Rows 11 and 12 are the only rows where evaluation order is actually guaranteed.
Hacker Connection
The audit fragment demonstrates how vulnerabilities compound. Entry 18 (Precedence-Mask Trap) guarantees Entry 19 (Negative Index Pivot). Neither is dangerous in isolation here. Together they produce a deterministic out-of-bounds read on every execution, not a probabilistic one.
This is how real CVEs work. The advisory lists one vulnerability class. The root cause is often two logic errors that interact. A bounds check that is written but mathematically incapable of passing looks like a defended path. It is not. It is a permanently open door with a sign on it that says LOCKED.
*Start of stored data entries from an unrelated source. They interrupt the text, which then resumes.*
Lemma Fitting1_cents_minnormal X N Q : 'F(N) = 1 -> N <| X -> Q \subset X ->
  (forall M, minnormal M X -> M \subset N -> Q \subset 'C(M)) -> Q \subset 'C(N).
Proof.
move=> F1 /andP[sNX nNX] sQX cQmin.
pose D := <<\bigcup_(M : {group gT} | minnormal M X && (M \subset N)) M>>.
have cDQ : D \subset 'C(Q).
  by rewrite gen_subG; apply/bigcupsP => M /andP[minM sMN]; rewrite centsC cQmin.
have nDX : X \subset 'N(D).
  rewrite norms_gen // norms_bigcup //; apply/bigcapsP => M /andP[minM _].
  by case/mingroupP: minM => /andP[].
(* A minimal normal subgroup of X inside C_N(D) would be abelian and normal in N. *)
have CD1 : 'C_N(D) = 1.
  apply/eqP; apply: contraT => ntC.
  have [M minM sMC] := minnormal_exists ntC (normsI nNX (norms_cent nDX)).
  have [/andP[ntM nMX] _] := mingroupP minM.
  have sMN : M \subset N := subset_trans sMC (subsetIl _ _).
  have sMD : M \subset D by rewrite sub_gen // (bigcup_sup M) ?minM.
  have cMM : abelian M := subset_trans (subset_trans sMC (subsetIr _ _)) (centS sMD).
  have nsMN : M <| N by rewrite /normal sMN (subset_trans sNX).
  by have := Fitting_max nsMN (abelian_nil cMM); rewrite F1 subG1 (negPf ntM).
have cNQD : [~: N, Q, D] = 1.
  apply: (three_subgroup (G := Q) (H := [group of D])).
    have /commG1P -> : Q \subset 'C(D) by rewrite centsC.
    exact: comm1G.
  apply/commG1P; apply: subset_trans cDQ; rewrite commg_subl.
  exact: subset_trans sNX nDX.
have : [~: N, Q] \subset 'C_N(D).
  by rewrite subsetI commg_subl (subset_trans sQX nNX); apply/commG1P.
by rewrite CD1 subG1 => /eqP/commG1P; rewrite centsC.
Qed.

Lemma mem_commg_norml N A n a : A \subset 'N(N) -> n \in N -> a \in A -> [~ n, a] \in N.
Proof.
move=> nNA Nn Aa; have sNAN : [~: N, A] \subset N by rewrite commg_subl.
exact: subsetP sNAN _ (mem_commg Nn Aa).
Qed.

Lemma pi_quotient_joing N B A : B \subset 'N(N) -> A \subset 'N(B) ->
  A \subset N <*> B -> {subset \pi(A / B) <= \pi(N)}.
Proof.
move=> nNB nBA sANB p; rewrite !mem_primes => /and3P[-> _ pAB]; rewrite cardG_gt0 /=.
apply: dvdn_trans pAB (dvdn_trans (cardSg (quotientS B sANB)) _).
by rewrite /= norm_joinEr // quotientMidr dvdn_morphim.
Qed.

Lemma quotient_pgroupSI pi G C Y S : pi.-group (G / C) -> G \subset 'N(C) ->
  Y \subset G -> Y :&: C \subset S -> Y \subset 'N(S) -> pi.-group (Y / S).
Proof.
move=> piGC nCG sYG sYCS nSY; rewrite /pgroup card_quotient //.
apply: pnat_dvd (indexgS Y sYCS) _; rewrite indexgI -card_quotient ?(subset_trans sYG) //.
exact: pnat_dvd (cardSg (quotientS C sYG)) piGC.
Qed.

End GroupTheory.

Section SectionCentralizer.
Variable gT : finGroupType.
Implicit Types (X Y A B N Q : {group gT}).

Lemma sect_centP (X H K : {set gT}) x :
  reflect (x \in X /\ forall h, h \in H -> [~ h, x] \in K) (x \in sect_cent X H K).
Proof.
rewrite inE; apply: (iffP andP) => [[-> /forall_inP //] | [-> cHx]].
by split=> //; apply/forall_inP.
Qed.

Lemma sect_centE X A B : X \subset 'N(B) -> A \subset 'N(B) ->
  sect_cent X A B = X :&: coset B @*^-1 'C(A / B).
Proof.
move=> nBX nBA; apply/setP => x; rewrite inE [in RHS]inE; apply: andb_id2l => Xx.
have nBx : x \in 'N(B) := subsetP nBX x Xx.
rewrite inE nBx [x \in _ @^-1: _]inE.
apply/forall_inP/centP => [cAx _ /morphimP[a nBa Aa ->] | cAx a Aa].
  by apply: commute_sym; apply/commgP; rewrite -morphR //= coset_id ?cAx.
have nBa : a \in 'N(B) := subsetP nBA a Aa.
apply: coset_idr; first by rewrite groupR.
rewrite morphR //; apply/eqP/commgP/commute_sym/cAx; exact: mem_quotient.
Qed.

Lemma sect_cent_norm X A B : X \subset 'N(A) -> X \subset 'N(B) -> A \subset 'N(B) ->
  X \subset 'N(sect_cent X A B).
Proof.
move=> nAX nBX nBA; rewrite sect_centE // normsI ?normG // norm_quotient_pre //.
by rewrite norms_cent ?quotient_norms.
Qed.

Lemma sub_sect_cent X A B Q : Q \subset X ->
  (Q \subset sect_cent X A B) = ([~: A, Q] \subset B).
Proof.
move=> sQX; apply/subsetP/idP => [cAQ | sAQB y Qy].
  rewrite gen_subG; apply/subsetP => _ /imset2P[a y Aa Qy ->].
  by case/sect_centP: (cAQ y Qy) => _; apply.
apply/sect_centP; split=> [|a Aa]; first exact: subsetP sQX y Qy.
by rewrite (subsetP sAQB) ?mem_commg.
Qed.

Lemma card_quotient_sect_cent X A B : A <| X -> B <| X ->
  #|(X / B) / 'C_(X / B)(A / B)| = #|X / sect_cent X A B|.
Proof.
move=> /andP[sAX nAX] /andP[sBX nBX]; have nBA := subset_trans sAX nBX.
have nCX := sect_cent_norm nAX nBX nBA; rewrite sect_centE // in nCX *.
have -> : 'C_(X / B)(A / B) = (X :&: coset B @*^-1 'C(A / B)) / B.
  by rewrite /quotient morphim_setIpre.
rewrite !card_quotient ?quotient_norms //.
by rewrite index_quotient_eq ?subsetIl ?setIS ?sub_cosetpre.
Qed.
CWE-480 (Use of Incorrect Operator) is the precedence trap. It shows up in authentication code more than anywhere else. Permissions flags checked with == instead of inside parentheses, or a bitwise test where the comparison fires first. The check compiles clean. The check does nothing.
The vulnerability notebook is growing alongside these posts. When it is mature enough to be useful to someone else, it goes public too.
What Is Next
Chapter 3: Control Flow.
The overnight question I sat with: what happens in a switch when you omit break? I reasoned through it before opening the book. Fall-through. The CPU does not re-evaluate the condition. It continues executing instructions for the next case because case labels in C are just addresses, and nothing stops execution at a label. The break is the escape. Without it, the instruction pointer keeps moving.
Chapter 3 will confirm or correct that. It will also introduce the dangling else problem — a different flavor of the same issue: the structure that looks obvious to a human is not what the parser sees.
Day 23 of 365. Chapter 2 is in the vault. Not because I finished it. Because I couldn’t break it.